### The task
In the entries below, count the lines holding "have". Reply with the number only.

Stored items:
(* Assume $\phi$ is convex, $R_\phi$ is strictly convex, $\mathbf{w}_{\mathrm{sup}}$ is the minimizer of $R_\phi$, and $\mathbf{w}_{\mathrm{sup}}\in\mathcal{C}_\phi$. Then there exists $\mathbf{q}^\ast\in[0,1]^U$ such that for every $\mathbf{w}_{\mathrm{semi}}\in\mathbb{R}^d$ with $\mathbf{w}_{\mathrm{semi}}\neq\mathbf{w}_{\mathrm{sup}}$ we have $D_\phi(\mathbf{w}_{\mathrm{semi}},\mathbf{q}^\ast)>0$.
   Context: Fix integers $L,U,d\ge 1$. Let $\mathbf{X}\in\mathbb{R}^{L\times d}$ be a matrix whose rows $\mathbf{x}_1^\top,\dots,\mathbf{x}_L^\top$ are the labeled objects, with labels $\mathbf{y}\in\{-1,+1\}^L$. Let $\mathbf{X}_{\mathrm{u}}\in\mathbb{R}^{U\times d}$ be a matrix whose rows $\mathbf{x}_{\mathrm{u},1}^\top,\dots,\mathbf{x}_{\mathrm{u},U}^\top$ are the unlabeled objects. Let $\phi:\mathbb{R}\to\mathbb{R}$ be a loss function, $\Omega:\mathbb{R}^d\to\mathbb{R}$ a convex function and $\lambda\ge 0$. The supervised risk is $R_\phi(\mathbf{w})=\sum_{i=1}^L\phi(y_i\mathbf{x}_i^\top\mathbf{w})+\lambda\Omega(\mathbf{w})$. For responsibilities $\mathbf{q}\in[0,1]^U$ the semi-supervised risk is $R^{\mathrm{semi}}_\phi(\mathbf{w},\mathbf{q})=R_\phi(\mathbf{w})+\sum_{j=1}^U\big[q_j\phi(\mathbf{x}_{\mathrm{u},j}^\top\mathbf{w})+(1-q_j)\phi(-\mathbf{x}_{\mathrm{u},j}^\top\mathbf{w})\big]$. Given the minimizer $\mathbf{w}_{\mathrm{sup}}$ of $R_\phi$, define $D_\phi(\mathbf{w},\mathbf{q})=R^{\mathrm{semi}}_\phi(\mathbf{w},\mathbf{q})-R^{\mathrm{semi}}_\phi(\mathbf{w}_{\mathrm{sup}},\mathbf{q})$. The constraint set is $\mathcal{C}_\phi=\{\mathbf{w}\in\mathbb{R}^d:\ \exists\,\mathbf{q}\in[0,1]^U \text{ such that } \mathbf{w} \text{ minimizes } R^{\mathrm{semi}}_\phi(\cdot,\mathbf{q})\}$. *)

From mathcomp Require Import all_boot.
From Stdlib Require Import Reals.

Set Implicit Arguments.
Unset Strict Implicit.

Definition vec (d : nat) := 'I_d -> R.

Definition dot (d : nat) (x w : vec d) : R :=
  \big[Rplus/0%R]_(i < d) (x i * w i)%R.

Definition convex_R (f : R -> R) : Prop :=
  forall (x y t : R), (0 <= t <= 1)%R ->
    (f (t * x + (1 - t) * y) <= t * f x + (1 - t) * f y)%R.

Definition vcomb (d : nat) (t : R) (x y : vec d) : vec d :=
  fun i => (t * x i + (1 - t) * y i)%R.

Definition convex_vec (d : nat) (F : vec d -> R) : Prop :=
  forall (x y : vec d) (t : R), (0 <= t <= 1)%R ->
    (F (vcomb t x y) <= t * F x + (1 - t) * F y)%R.

Definition strictly_convex_vec (d : nat) (F : vec d -> R) : Prop :=
  forall (x y : vec d) (t : R), x <> y -> (0 < t < 1)%R ->
    (F (vcomb t x y) < t * F x + (1 - t) * F y)%R.

Definition is_minimizer (d : nat) (F : vec d -> R) (w : vec d) : Prop :=
  forall v : vec d, (F w <= F v)%R.

Definition Rsup (L d : nat) (phi : R -> R) (Omega : vec d -> R) (lam : R)
    (X : 'I_L -> vec d) (y : 'I_L -> R) (w : vec d) : R :=
  (\big[Rplus/0%R]_(i < L) phi (y i * dot (X i) w) + lam * Omega w)%R.

Definition Rsemi (L U d : nat) (phi : R -> R) (Omega : vec d -> R) (lam : R)
    (X : 'I_L -> vec d) (y : 'I_L -> R) (Xu : 'I_U -> vec d)
    (q : 'I_U -> R) (w : vec d) : R :=
  (Rsup phi Omega lam X y w +
   \big[Rplus/0%R]_(j < U)
      (q j * phi (dot (Xu j) w) + (1 - q j) * phi (- dot (Xu j) w)))%R.

Definition Dphi (L U d : nat) (phi : R -> R) (Omega : vec d -> R) (lam : R)
    (X : 'I_L -> vec d) (y : 'I_L -> R) (Xu : 'I_U -> vec d)
    (wsup : vec d) (w : vec d) (q : 'I_U -> R) : R :=
  (Rsemi phi Omega lam X y Xu q w - Rsemi phi Omega lam X y Xu q wsup)%R.

Definition resp (U : nat) (q : 'I_U -> R) : Prop :=
  forall j, (0 <= q j <= 1)%R.

Definition in_Cphi (L U d : nat) (phi : R -> R) (Omega : vec d -> R) (lam : R)
    (X : 'I_L -> vec d) (y : 'I_L -> R) (Xu : 'I_U -> vec d) (w : vec d) : Prop :=
  exists q : 'I_U -> R, resp q /\ is_minimizer (Rsemi phi Omega lam X y Xu q) w.

(* Adding the convex unlabeled-data term to the strictly convex supervised
   risk keeps the semi-supervised risk strictly convex for every choice of
   responsibilities q.  Since w_sup lies in C_phi, it minimizes R^semi(., q)
   for some q, and a minimizer of a strictly convex function is its unique
   strict minimizer; that q is the required q*. *)
From mathcomp Require Import all_boot.
From Stdlib Require Import Reals Lra.

Set Implicit Arguments.
Unset Strict Implicit.

Open Scope R_scope.

Lemma big_Rplus_le n (f g : 'I_n -> R) : (forall i, f i <= g i) ->
  \big[Rplus/0]_(i < n) f i <= \big[Rplus/0]_(i < n) g i.
Proof.
by move=> fg; apply: (big_ind2 (fun a b => a <= b)) => [|*|//]; lra.
Qed.

Lemma big_Rplus_lincomb n (f g : 'I_n -> R) a b :
  \big[Rplus/0]_(i < n) (a * f i + b * g i) =
  a * \big[Rplus/0]_(i < n) f i + b * \big[Rplus/0]_(i < n) g i.
Proof. by elim/big_rec3: _ => [|i x1 x2 x3 _ ->]; ring. Qed.

Lemma convex_R_opp (phi : R -> R) :
  convex_R phi -> convex_R (fun x => phi (- x)).
Proof.
move=> cvx x z t t01.
have -> : - (t * x + (1 - t) * z) = t * - x + (1 - t) * - z by ring.
exact: cvx.
Qed.

Section ConvexVec.

Variable d : nat.
Implicit Types (F G : vec d -> R) (a v w : vec d).

Lemma dot_vcomb a t v w :
  dot a (vcomb t v w) = t * dot a v + (1 - t) * dot a w.
Proof. by rewrite /dot -big_Rplus_lincomb; apply: eq_bigr => i _; rewrite /vcomb; ring. Qed.

Lemma convex_vec_comp_dot (phi : R -> R) a :
  convex_R phi -> convex_vec (fun v => phi (dot a v)).
Proof. by move=> cvx v w t t01; rewrite dot_vcomb; apply: cvx. Qed.

Lemma convex_vec_scale c F :
  0 <= c -> convex_vec F -> convex_vec (fun v => c * F v).
Proof.
move=> c0 cvx v w t t01.
have := Rmult_le_compat_l c _ _ c0 (cvx v w t t01); lra.
Qed.

Lemma convex_vec_add F G :
  convex_vec F -> convex_vec G -> convex_vec (fun v => F v + G v).
Proof. by move=> cF cG v w t t01; have := cF v w t t01; have := cG v w t t01; lra. Qed.

Lemma convex_vec_sum n (F : 'I_n -> vec d -> R) :
  (forall j, convex_vec (F j)) ->
  convex_vec (fun v => \big[Rplus/0]_(j < n) F j v).
Proof.
move=> cvx v w t t01; rewrite -big_Rplus_lincomb.
by apply: big_Rplus_le => j; apply: cvx.
Qed.

Lemma strictly_convex_vec_add F G :
  strictly_convex_vec F -> convex_vec G ->
  strictly_convex_vec (fun v => F v + G v).
Proof.
move=> sF cG v w t vw t01.
have := sF v w t vw t01; have := cG v w t ltac:(lra); lra.
Qed.

(* If F v <= F w, the midpoint of v and w would beat the minimizer w. *)
Lemma strictly_convex_minimizer_lt F w v :
  strictly_convex_vec F -> is_minimizer F w -> v <> w -> F w < F v.
Proof.
move=> sF minw vw.
have := sF v w (/2) vw ltac:(lra); have := minw (vcomb (/2) v w); have := minw v.
lra.
Qed.

End ConvexVec.

Lemma Rsemi_strictly_convex (L U d : nat) (X : 'I_L -> vec d) (y : 'I_L -> R)
    (Xu : 'I_U -> vec d) (phi : R -> R) (Omega : vec d -> R) (lam : R)
    (q : 'I_U -> R) :
  resp q -> convex_R phi -> strictly_convex_vec (Rsup phi Omega lam X y) ->
  strictly_convex_vec (Rsemi phi Omega lam X y Xu q).
Proof.
move=> q01 cphi sRsup; apply: strictly_convex_vec_add => //.
apply: convex_vec_sum => j; have [q0 q1] := q01 j.
apply: convex_vec_add; apply: convex_vec_scale; try lra.
- exact: convex_vec_comp_dot.
- exact: (convex_vec_comp_dot (Xu j) (convex_R_opp cphi)).
Qed.

Close Scope R_scope.

Theorem lemma1 (L U d : nat) (hL : (1 <= L)%N) (hU : (1 <= U)%N) (hd : (1 <= d)%N)
  (X : 'I_L -> vec d) (y : 'I_L -> R) (Xu : 'I_U -> vec d)
  (phi : R -> R) (Omega : vec d -> R) (lam : R) (wsup : vec d)
  (hy : forall i, y i = 1%R \/ y i = (-1)%R)
  (hOmega : convex_vec Omega)
  (hlam : (0 <= lam)%R)
  (hphi : convex_R phi)
  (hstrict : strictly_convex_vec (Rsup phi Omega lam X y))
  (hmin : is_minimizer (Rsup phi Omega lam X y) wsup)
  (hC : in_Cphi phi Omega lam X y Xu wsup) :
  exists qstar : 'I_U -> R, resp qstar /\
    forall wsemi : vec d, wsemi <> wsup ->
      (0 < Dphi phi Omega lam X y Xu wsup wsemi qstar)%R.
Proof.
have [q [q01 minq]] := hC.
exists q; split => // w w_ne_wsup.
have sRsemi := Rsemi_strictly_convex Xu q01 hphi hstrict.
have := strictly_convex_minimizer_lt sRsemi minq w_ne_wsup.
by rewrite /Dphi; lra.
Qed.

### Exercise result
10